(* Let $\Phi$ be a finite crystallographic root system with Weyl group $W$ and let $\beta,\gamma\in\Phi^+$. Then $|W^{(++)}(\beta,\gamma)|=|W^{(--)}(\beta,\gamma)|$ and $|W^{(+-)}(\beta,\gamma)|=|W^{(-+)}(\beta,\gamma)|$. If moreover $\beta\ne\gamma$, then $|W^{(++)}(\beta,\gamma)|=(\operatorname{ord}(\beta,\gamma)-1)\cdot|W^{(+-)}(\beta,\gamma)|$ if $\langle\beta,\gamma\rangle\ge0$, and $|W^{(+-)}(\beta,\gamma)|=(\operatorname{ord}(\beta,\gamma)-1)\cdot|W^{(++)}(\beta,\gamma)|$ if $\langle\beta,\gamma\rangle\le0$. In particular, all four sets $W^{(++)},W^{(--)},W^{(+-)},W^{(-+)}$ have equal cardinality if and only if $\beta$ and $\gamma$ are orthogonal.
   Context: $\Phi\subset V$ is a finite crystallographic root system in a Euclidean space with inner product $\langle\cdot,\cdot\rangle$, positive roots $\Phi^+$, negative roots $\Phi^-=-\Phi^+$. For signs $\varepsilon,\delta\in\{+,-\}$, $W^{(\varepsilon\delta)}(\beta,\gamma)=\{w\in W : \varepsilon\cdot w(\beta)\in\Phi^+,\ \delta\cdot w(\gamma)\in\Phi^+\}$. $\operatorname{ord}(\beta,\gamma)=\min\{k>0:(s_\beta s_\gamma)^k=e\}$ where $s_\beta$ is the reflection in $\beta$. *)

From HB Require Import structures.
From mathcomp Require Import all_boot all_order all_algebra.
From mathcomp Require Import reals.
Set Implicit Arguments. Unset Strict Implicit. Unset Printing Implicit Defensive.
Import Order.TTheory GRing.Theory Num.Theory.
Local Open Scope ring_scope.

(* The Euclidean space V is modelled as R^n = 'rV[R]_n with the standard
   inner product; every finite-dimensional Euclidean space is isometric to it.
   Linear maps act on row vectors on the right: w(v) = v *m w. *)

Definition dot (R : realType) (n : nat) (u v : 'rV[R]_n) : R := (u *m v^T) 0 0.

Definition refl_mx (R : realType) (n : nat) (a : 'rV[R]_n) : 'M[R]_n :=
  1%:M - (2 / dot a a) *: (a^T *m a).

Definition root_system (R : realType) (n : nat) (Phi : seq 'rV[R]_n) : Prop :=
  [/\ (0 : 'rV[R]_n) \notin Phi,
      row_full (\matrix_(i < size Phi) Phi`_i),
      (forall a b, a \in Phi -> b \in Phi -> b *m refl_mx a \in Phi),
      (forall a b, a \in Phi -> b \in Phi ->
          exists z : int, 2 * dot b a / dot a a = z%:~R)
    & (forall a (c : R), a \in Phi -> c *: a \in Phi -> c = 1 \/ c = -1)].

(* A positive system: t is a regular vector (orthogonal to no root) and the
   positive roots are those with <t, a> > 0. *)
Definition regular (R : realType) (n : nat) (Phi : seq 'rV[R]_n) (t : 'rV[R]_n) :=
  forall a, a \in Phi -> dot t a != 0.

Definition posroot (R : realType) (n : nat) (Phi : seq 'rV[R]_n) (t v : 'rV[R]_n) : bool :=
  (v \in Phi) && (0 < dot t v).

(* The Weyl group: the group generated by the reflections s_a, a in Phi
   (a finite group, so the submonoid generated is the whole group). *)
Inductive in_W (R : realType) (n : nat) (Phi : seq 'rV[R]_n) : 'M[R]_n -> Prop :=
  | inW1 : in_W Phi 1%:M
  | inWS a w : a \in Phi -> in_W Phi w -> in_W Phi (w *m refl_mx a).

Definition sgn (R : realType) (n : nat) (eps : bool) (v : 'rV[R]_n) : 'rV[R]_n :=
  if eps then v else - v.

(* W^(eps delta)(beta, gamma); eps = true means '+', false means '-'. *)
Definition Wsign (R : realType) (n : nat) (Phi : seq 'rV[R]_n) (t : 'rV[R]_n)
  (eps delta : bool) (beta gamma : 'rV[R]_n) (w : 'M[R]_n) : Prop :=
  [/\ in_W Phi w, posroot Phi t (sgn eps (beta *m w))
    & posroot Phi t (sgn delta (gamma *m w))].

Definition has_card (T : eqType) (P : T -> Prop) (k : nat) : Prop :=
  exists s : seq T, [/\ uniq s, (forall x, x \in s <-> P x) & size s = k].

Definition is_order (R : realType) (n : nat) (M : 'M[R]_n) (k : nat) : Prop :=
  [/\ (0 < k)%N, iter k (mulmx M) 1%:M = 1%:M
    & forall j, (0 < j < k)%N -> iter j (mulmx M) 1%:M <> 1%:M].

From HB Require Import structures.
From mathcomp Require Import all_boot all_order all_algebra.
From mathcomp Require Import boolp reals.
From mathcomp Require Import ring lra zify.
Import Order.TTheory GRing.Theory Num.Theory.
Set Implicit Arguments. Unset Strict Implicit. Unset Printing Implicit Defensive.
Local Open Scope ring_scope.

(* Left multiplication by the dihedral subgroup D = <s_beta, s_gamma>, of order 2k with
   k = ord(beta, gamma), permutes W, so 2k |W^(eps delta)| is the sum over w in W of the
   number of d in D with d w in W^(eps delta).  Writing x = <t, beta w> and y = <t, gamma w>,
   the numbers <t, beta d w> and <t, gamma d w> are integral linear forms in (x, y) that only
   depend on the Cartan integers of beta and gamma.  These take one of eleven values (or
   beta = gamma), and in each case a sign analysis over the chambers of the rank-2 arrangement
   shows that the number of such d is k - 1 or 1 for every w, according to whether the signs
   (eps, delta) agree with the sign of <beta, gamma>.  Hence |W^(eps delta)| = |W| c / 2k with
   c in {1, k - 1}, and all the relations follow. *)

Lemma enum_of_code (T : eqType) (F : finType) (P : T -> Prop) (c : T -> F) :
  (forall x y, P x -> P y -> c x = c y -> x = y) ->
  exists s : seq T, uniq s /\ forall x, x \in s <-> P x.
Proof.
move=> c_inj.
suff [s [s_uniq sE]] : exists s : seq T,
    uniq s /\ forall x, x \in s <-> P x /\ c x \in enum F.
  by exists s; split=> // x; rewrite sE mem_enum; split=> [[]|].
elim: (enum F) (enum_uniq F) => [_|y l IH /= /andP[yNl /IH[s [s_uniq sE]]]].
  by exists [::]; split=> // x; split=> [|[]].
have [[x0 [Px0 cx0]] | no_y] := pselect (exists x, P x /\ c x = y).
  exists (x0 :: s); split=> [|x].
    by rewrite /= s_uniq andbT; apply/negP=> /sE[_]; rewrite cx0 (negbTE yNl).
  rewrite !in_cons; split=> [/orP[/eqP-> | /sE[Px ->]] | [Px /orP[/eqP cx | cxl]]].
  - by rewrite cx0 eqxx.
  - by rewrite orbT.
  - by rewrite (c_inj x x0) ?eqxx // cx cx0.
  - by apply/orP; right; apply/sE.
exists s; split=> // x; rewrite in_cons; split=> [/sE[Px ->] | [Px /orP[/eqP cx | cxl]]].
- by rewrite orbT.
- by case: no_y; exists x.
- exact/sE.
Qed.

Lemma has_card_count (T : eqType) (P : T -> Prop) (s : seq T) :
  uniq s -> (forall x, P x -> x \in s) -> has_card P (count (fun x => `[< P x >]) s).
Proof.
move=> s_uniq sP; exists [seq x <- s | `[< P x >]]; split.
- exact: filter_uniq.
- move=> x; rewrite mem_filter; split=> [/andP[/asboolP] // | Px].
  by rewrite sP // andbT; exact/asboolP.
- by rewrite size_filter.
Qed.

++++++++++

> [Problem details] Write out exactly the lines above from the line with "(gamma *m w))]." through the line with "Definition is_order (R", both of them included, and leave out all other lines.

> [Finished task]
    & posroot Phi t (sgn delta (gamma *m w))].

Definition has_card (T : eqType) (P : T -> Prop) (k : nat) : Prop :=
  exists s : seq T, [/\ uniq s, (forall x, x \in s <-> P x) & size s = k].

Definition is_order (R : realType) (n : nat) (M : 'M[R]_n) (k : nat) : Prop :=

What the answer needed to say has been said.